If we’re not a three-streams church, we will think that we can only serve people if we’re also giving a verbal message. That would ignore a whole part of the biblical tradition, which says: “By their fruit, you shall know them,” and “Inasmuch as you have done it unto one of the least of these my brethren, you have done it to me.” If you read that passage carefully, you will find that there’s nothing about preaching with words. It is all about visiting people in prison, it’s about clothing the naked, it’s about feeding the hungry, it’s about looking after those whom the world despises and neglects. It’s all about caring. Jesus is saying is that inasmuch as you show that kind of love to the least of these my brothers, that is your sermon. You are showing me to people who won’t see me any other way. If you are self-conscious about proclaiming the message, they will not think that your caring is authentic. A three-streams church will have no conflict about service to the poor.

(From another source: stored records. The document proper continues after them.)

(* Let $\tau$ be a $\sigma$-maxitive measure on a $\sigma$-algebra $\mathcal{B}$ on a nonempty set $E$. The following conditions are equivalent: 1. $\tau$ is $\sigma$-principal; 2. $\tau$ satisfies the countable chain condition; 3. the quotient space $\mathcal{B}/\tau$ is $\sigma$-principal, i.e. every $\sigma$-ideal of the $\sigma$-complete lattice $\mathcal{B}/\tau$ is a principal ideal; 4. there is a $\sigma$-principal $\sigma$-additive measure $m$ on $\mathcal{B}$ such that, for all $B\in\mathcal{B}$, $m(B)=0$ if and only if $\tau(B)=0$.
   Context: A $\sigma$-maxitive measure on $\mathcal{B}$ is a map $\tau:\mathcal{B}\to[0,\infty]$ with $\tau(\emptyset)=0$ and $\tau(\bigcup_j B_j)=\sup_j\tau(B_j)$ for every countable family $(B_j)$ in $\mathcal{B}$. A set $N\subset E$ is $\tau$-negligible if $N\subset B$ for some $B\in\mathcal{B}$ with $\tau(B)=0$; analogously for $m$. A $\sigma$-ideal of $\mathcal{B}$ is a nonempty subfamily closed under countable unions and such that $A\subset B\in\mathcal{I}$ with $A\in\mathcal{B}$ implies $A\in\mathcal{I}$. A monotone set function $\mu$ on $\mathcal{B}$ is $\sigma$-principal if for every $\sigma$-ideal $\mathcal{I}$ of $\mathcal{B}$ there is $L\in\mathcal{I}$ such that $S\setminus L$ is $\mu$-negligible for all $S\in\mathcal{I}$. $\tau$ satisfies the countable chain condition if every family of pairwise disjoint, non-$\tau$-negligible elements of $\mathcal{B}$ is countable. Quotient space: on $\mathcal{B}$ put $A\sim B$ if $A\cup N=B\cup N$ for some $\tau$-negligible $N$. Write $B^\tau$ for the class of $B$ and $\mathcal{B}/\tau$ for the set of classes, ordered by $A^\tau\le B^\tau$ iff $A\subset B\cup N$ for some $\tau$-negligible $N$; this is a $\sigma$-complete lattice. A $\sigma$-ideal of $\mathcal{B}/\tau$ is a nonempty down-closed subset closed under countable suprema. It is principal if it equals $\{x: x\le L^\tau\}$ for some $L$. *)

From Stdlib Require Import Reals.
Open Scope R_scope.
Set Implicit Arguments.
(* Multinomial theorem for compositions: the case of a constant second word. *)
Lemma nwords_fact (r : R -> nat) : \sum_a r a = n -> nwords r * \prod_a (r a)`! = n`!.
Proof.
move=> hr; pose c : 'I_n -> 'I_1 := fun _ => ord0.
have fibre_c : fibre c ord0 = n.
  by rewrite -[RHS](card_ord n); apply: eq_card => i; rewrite !inE.
have marg (b : 'I_1) : \sum_a r a = fibre c b by rewrite ord1 fibre_c hr.
rewrite -fibre_c -(@big_ord1 nat 1 muln (fun b => (fibre c b)`!)).
rewrite -(@nlifts_fact R 'I_1 n c (fun p => r p.1) marg); congr (_ * _).
- rewrite /nwords card_rows; apply: eq_card => f; rewrite !inE.
  apply/forallP/forallP => [H [a b] | H a]; rewrite ?ord1;
    [move: (H a) | move: (H (a, ord0))] => /=;
    by congr (_ == _); apply: eq_card => i; rewrite !inE mxE andbT.
- rewrite -(pair_bigA _ (fun a (_ : 'I_1) => (r a)`!)) /=.
  by apply: eq_bigr => a _; rewrite big_ord1.
Qed.

End JointTypes.

Section Permutations.
Variables (R : finComUnitRingType) (n : nat).
Implicit Types (u v w : 'rV[R]_n) (e : R * R -> nat).

Lemma permrow_inj (s : 'S_n) : injective (@permrow R n s).
Proof.
move=> u w /rowP us_ws; apply/rowP => i; move: (us_ws (s^-1 i)%g).
by rewrite !mxE permKV.
Qed.
(* For integers $n\ge1$, $0\le l\le n-1$, and $c\in\mathbb{C}\setminus\{0\}$, $$\sum_{\substack{l_1+\cdots+l_n=l\\ l_i\ge0}}\binom{l}{l_1,\ldots,l_n}\prod_{i=1}^n b_{l_i}(c)=B_l^{(l-n+1)}(cn+1).$$
   Context: The Bernoulli polynomials of the second kind are defined by $\frac{t(1+t)^x}{\log(1+t)}=\sum_{l\ge0}b_l(x)\frac{t^l}{l!}$. The Bernoulli polynomials of order $a$ are defined by $\left(\frac{t}{e^t-1}\right)^a e^{xt}=\sum_{n\ge0}B_n^{(a)}(x)\frac{t^n}{n!}$. $\binom{l}{l_1,\ldots,l_n}$ is the multinomial coefficient. *)

(* Formal power series are represented by their coefficient
   sequences nat -> R over a field R of characteristic 0 (we work over an
   arbitrary numClosedFieldType, which generalises C). *)
From HB Require Import structures.
From mathcomp Require Import all_boot all_order all_algebra.
Set Implicit Arguments. Unset Strict Implicit. Unset Printing Implicit Defensive.
Import Order.TTheory GRing.Theory Num.Theory.
Local Open Scope ring_scope.

Section FPS.
Variable R : fieldType.

Definition fmul (f g : nat -> R) : nat -> R :=
  fun n => \sum_(i < n.+1) f i * g (n - i)%N.

Definition fone : nat -> R := fun n => (n == 0%N)%:R.

Definition fpow (f : nat -> R) (k : nat) : nat -> R := iter k (fmul f) fone.

Fixpoint finv_seq (f : nat -> R) (n : nat) : seq R :=
  match n with
  | 0 => [:: (f 0%N)^-1]
  | m.+1 => let s := finv_seq f m in
      rcons s (- (f 0%N)^-1 * \sum_(k < m.+1) f k.+1 * nth 0 s (m - k)%N)
  end.

Definition finv (f : nat -> R) : nat -> R := fun n => nth 0 (finv_seq f n) n.

Definition gbinom (x : R) (k : nat) : R :=
  (\prod_(i < k) (x - i%:R)) / (k`!)%:R.

Definition log1p_over_t : nat -> R := fun k => (-1) ^+ k / (k.+1)%:R.
Definition binom_series (x : R) : nat -> R := fun k => gbinom x k.
Definition expm1_over_t : nat -> R := fun k => 1 / ((k.+1)`!)%:R.
Definition exp_series (x : R) : nat -> R := fun k => x ^+ k / (k`!)%:R.

(* Bernoulli polynomials of the second kind:
   t (1+t)^x / log(1+t) = sum_l b_l(x) t^l / l! *)
Definition bern2 (l : nat) (x : R) : R :=
  (l`!)%:R * fmul (finv log1p_over_t) (binom_series x) l.

(* (t/(e^t-1))^a for integer a *)
Definition tdiv_pow (a : int) : nat -> R :=
  match a with
  | Posz k => fpow (finv expm1_over_t) k
  | Negz k => fpow expm1_over_t k.+1
  end.

(* Bernoulli polynomials of order a:
   (t/(e^t-1))^a e^{xt} = sum_m B_m^{(a)}(x) t^m/m! *)
Definition bernoulli_ord (a : int) (m : nat) (x : R) : R :=
  (m`!)%:R * fmul (tdiv_pow a) (exp_series x) m.

End FPS.

Definition multinom (n l : nat) (L : {ffun 'I_n -> 'I_l.+1}) : nat :=
  (l`! %/ \prod_(i < n) (L i)`!)%N.

(* Work in the ring of formal power series.  With
   [psi = t/log(1+t)], the left side is [l!] times the coefficient of [t^l]
   in [(psi (1+t)^c)^n = psi^n (1+t)^(cn)], and, writing [n = l + 1 + m],
   the right side is [l!] times the coefficient of [t^l] in
   [((e^t-1)/t)^m e^((cn+1)t)]. *)
From Pilot Require Import Defs.
From HB Require Import structures.
From mathcomp Require Import all_boot all_order all_algebra.
From mathcomp Require Import boolp.
From mathcomp Require Import ring zify.
Import Order.TTheory GRing.Theory Num.Theory.
Local Open Scope ring_scope.

Set Implicit Arguments. Unset Strict Implicit. Unset Printing Implicit Defensive.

Often churches that serve the poor don’t really understand much about evangelism, but the opposite is also true: many churches that are into evangelism don’t know much about service to the poor!

A three-streams church sees that both are part of our devotion to Jesus and to our serving him. There’s so much more that we could say, but you see, these three streams provide such a richness and a challenge to us as a church, to live into the gospel in ways that will often involve tension. That’s ok; it’s just like a marriage. It’s ok to have tension in marriages, because the goal is to bring disparate elements together and try to homogenize them into a life-giving relationship.

That’s what we are doing here at Church of the Apostles. It’s ok to have tension, and we ask God’s grace to help us to discover what it means to live in that place. If we don’t, we will cut off the part that we don’t like, and go for those things that are easy and congenial to us.

Why live in this three-streams way? Because Psalm 46, verse 3 says: “There is a river whose streams make glad the City of God.” When we live into these three streams there is a joy that is released—but there’s something else. Paul writes, and you heard it read in the passage this morning, “Now the Lord is the Spirit, and where the Spirit of the Lord is, there is freedom.”

Church, God is calling us to live a life of freedom; a life where we take every part of this family heritage of ours, and learn to live together and bear with one another. As we accept the challenge, he will give us joy and freedom. Let’s walk this way together.